Sophie grinned at his frankness.
Brandan drew a breath, his chest lifting. “Are you wearing a one-piece or two?”
“What kind of question is that?”
“A damn good one,” he said, his hands drifting in the water, looking for her.
She sidestepped with a laugh. “Two.”
“Have you ever been married?” she asked. She recalled something about a bachelor of the year contest but found it impossible to believe he was unattached.
“Yes,” came his curt reply. Perhaps that had been too personal but then he said, “I don’t think I have ever met a woman who didn’t read magazines.”
“Again, is that a question?”
“No. What colour?”
“What?”
“What colour is your two-piece suit?”
“Why do you want to know?”
“Is that your question?” He used her tactic against her in their awkward dance for knowledge.
“Red.”
He growled. It was a low rumble that came up from his stomach and out through his lips. A shiver tiptoed along her shoulder blades as he came closer. This time she didn’t back away. “Why do you want to know?”

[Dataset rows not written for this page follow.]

Lemma Rintegral_sqnormc_polar f g : L2c mu f -> L2c mu g ->
  Rintegral mu setT (fun w => 4^-1 * (sqnormc (f w) - sqnormc (g w))) =
  4^-1 * (fine (csq_integral mu f) - fine (csq_integral mu g)).
Proof.
move=> L2f L2g; rewrite RintegralZl //; first by rewrite RintegralB // L2c_integrable.
exact: eq_integrable (integrableB measurableT (L2c_integrable L2f) (L2c_integrable L2g)).
Qed.

End ComplexIntegration.

Section BesselSequences.
Context {d : measure_display} {T : measurableType d} {R : realType}.
Variables (mu : {measure set T -> \bar R}) (H : lmodType R[i]) (ip : H -> H -> R[i]).
Hypothesis hip : is_inner_product ip.
Local Notation Re := complex.Re.
Implicit Types (E G : T -> H) (f g : H).

Lemma weakly_measurable_r E g : weakly_measurable ip E -> cmeasurable (fun w => ip (E w) g).
Proof. by move=> mE; under eq_fun do rewrite (ipJ hip); exact: cmeasurableJ. Qed.

Lemma cont_bessel_L2c G f : cont_bessel mu ip G -> L2c mu (fun w => ip f (G w)).
Proof.
by move=> [mG [B [_ hB]]]; split; [exact: mG | apply: le_lt_trans (hB f) _; rewrite ltry].
Qed.

Lemma cont_bessel_L2c_r G h : cont_bessel mu ip G -> L2c mu (fun w => ip (G w) h).
Proof.
move=> bG; have -> : (fun w => ip (G w) h) = fun w => (ip h (G w))^*.
  by apply: funext => w; rewrite (ipJ hip).
exact/L2cJ/cont_bessel_L2c.
Qed.

Lemma cont_besselD G1 G2 : cont_bessel mu ip G1 -> cont_bessel mu ip G2 ->
  cont_bessel mu ip (fun w => G1 w + G2 w).
Proof.
move=> [mG1 [B1 [B1_gt0 hB1]]] [mG2 [B2 [B2_gt0 hB2]]].
split=> [f|]; first by under eq_fun do rewrite (ipDr hip); exact: cmeasurableD.
exists (2 * (B1 + B2)); split=> [|f]; first by rewrite mulr_gt0 ?addr_gt0.
under eq_fun do rewrite (ipDr hip).
apply: le_trans (csq_integralD_le mu (mG1 f) (mG2 f)) _.
have -> : 2 * (B1 + B2) * hnorm ip f ^+ 2 =
    2 * (B1 * hnorm ip f ^+ 2) + 2 * (B2 * hnorm ip f ^+ 2) by ring.
by rewrite [X in (_ <= X)%E]EFinD !(EFinM 2); apply: leeD; apply: lee_wpmul2l.
Qed.

Lemma cont_besselN G : cont_bessel mu ip G -> cont_bessel mu ip (fun w => - G w).
Proof.
move=> [mG [B [B_gt0 hB]]].
split=> [f|]; first by under eq_fun do rewrite (ipNr hip); exact: cmeasurableN.
by exists B; split=> // f; under eq_fun do rewrite (ipNr hip); rewrite csq_integralN.
Qed.

Lemma parseval_polarization (A : H -> H) F :
  (forall a f g, A (a *: f + g) = a *: A f + A g) ->
  parseval_cont_Kframe mu ip A F ->
  forall f g, cintegral mu (fun w => ip f (F w) * ip (F w) g) = ip (A f) (A g).
Proof.
move=> A_lin [mF parF] f g.
have L2F p : L2c mu (fun w => ip p (F w)) by split; [exact: mF | rewrite parF ltry].
have normA p : fine (csq_integral mu (fun w => ip p (F w))) = hnorm2 ip (A p).
  by rewrite parF /= hnormE.
have polarRe p q : Re (cintegral mu (fun w => ip p (F w) * ip (F w) q)) = Re (ip (A p) (A q)).
  rewrite /cintegral /=.
  under eq_Rintegral do rewrite (ipJ hip q) cReMJ_polar -(ipDl hip) -(ipBl hip).
  rewrite Rintegral_sqnormc_polar // !normA (linD A_lin) (linB A_lin).
  by rewrite (hnorm2D hip) (hnorm2B hip); field.
apply: complexP; first exact: polarRe.
rewrite -[RHS]cRe_mulJi -(ipZr hip) -(linZ A_lin) -polarRe /cintegral /=.
by apply: eq_Rintegral => w _; rewrite (ipZr hip) mulrCA cRe_mulJi.
Qed.

End BesselSequences.

Section ParsevalKFrame.
Context {d : measure_display} {T : measurableType d} {R : realType}.
Variables (mu : {measure set T -> \bar R}) (H : lmodType R[i]) (ip : H -> H -> R[i]).
Variables (K Ks Kd Kds : H -> H) (F : T -> H).
Hypotheses (hip : is_inner_product ip) (adjK : is_adjoint ip K Ks).
Hypotheses (adjKd : is_adjoint ip Kd Kds) (pinvKd : is_MP_inverse ip K Kd).
Hypothesis frameF : parseval_cont_Kframe mu ip Ks F.

Lemma Ks_K_Kd g : Ks (K (Kd g)) = Ks g.
Proof.
case: pinvKd => _ KKdK _ sa_KKd _; apply: (ip_inj_r hip) => x.
by rewrite -!adjK; have := sa_KKd (K x) g; rewrite /= KKdK => <-.
Qed.

Lemma Kd_K_Ks y : Kd (K (Ks y)) = Ks y.
Proof.
case: pinvKd => _ KKdK _ _ sa_KdK; apply: (ip_inj_r hip) => x.
by have /= <- := sa_KdK x (Ks y); rewrite -!adjK KKdK.
Qed.

Lemma ip_Kd_Ks x h : ip (Kd x) (Ks h) = ip x (K (Kd h)).
Proof. by case: pinvKd => _ _ _ sa_KKd _; rewrite -adjK; exact: sa_KKd. Qed.

Lemma frame_ae_range g : {ae mu, forall w, ip (F w) g = ip (F w) (K (Kd g))}.
Proof.
case: frameF => mF parF.
have : csq_integral mu (fun w => ip (g - K (Kd g)) (F w)) = 0%E.
  by rewrite parF (linB (adjoint_linear hip adjK)) Ks_K_Kd subrr (hnormE hip) (hnorm2_0 hip).
move/(csq_integral_eq0 (mF _)); apply: filterS => w.
rewrite (ipBl hip) => /eqP; rewrite subr_eq0 => /eqP gKKd.
by rewrite (ipJ hip g) (ipJ hip (K (Kd g))) gKKd.
Qed.

Lemma cintegral_frame_Kd (a : T -> R[i]) h : cmeasurable a ->
  cintegral mu (fun w => a w * ip (F w) h) = cintegral mu (fun w => a w * ip (Kd (F w)) (Ks h)).
Proof.
case: frameF => mF _ ma.
have -> : (fun w => a w * ip (Kd (F w)) (Ks h)) = fun w => a w * ip (F w) (K (Kd h)).
  by apply: funext => w; rewrite ip_Kd_Ks.
apply: cintegral_ae; try exact: cmeasurableM ma (weakly_measurable_r hip _ mF).
by apply: filterS (frame_ae_range h) => w ->.
Qed.

Lemma cont_L2_independent_Kd :
  cont_L2_independent mu ip F <-> cont_L2_independent mu ip (fun w => Kd (F w)).
Proof.
split=> indep phi L2phi phi_int; apply: indep => // g.
  by rewrite cintegral_frame_Kd ?phi_int //; case: L2phi.
have -> : (fun w => phi w * ip (Kd (F w)) g) = fun w => phi w * ip (F w) (Kds g).
  by apply: funext => w; rewrite adjKd.
exact: phi_int.
Qed.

“I don’t know anything about you,” he admitted. “What you look like, how you dress. Does your face light up when you smile?”
“Why didn’t you just ask?” her voice betrayed her and waivered, her stomach flip-flopped again.
“I am.”
“Well, what if I told you I was hideously ugly, chubby and bald?”
“I would say you sound like a middle-aged man,” he laughed. “Anyway I don’t know any hideously ugly, chubby bald women who wear red bikinis.”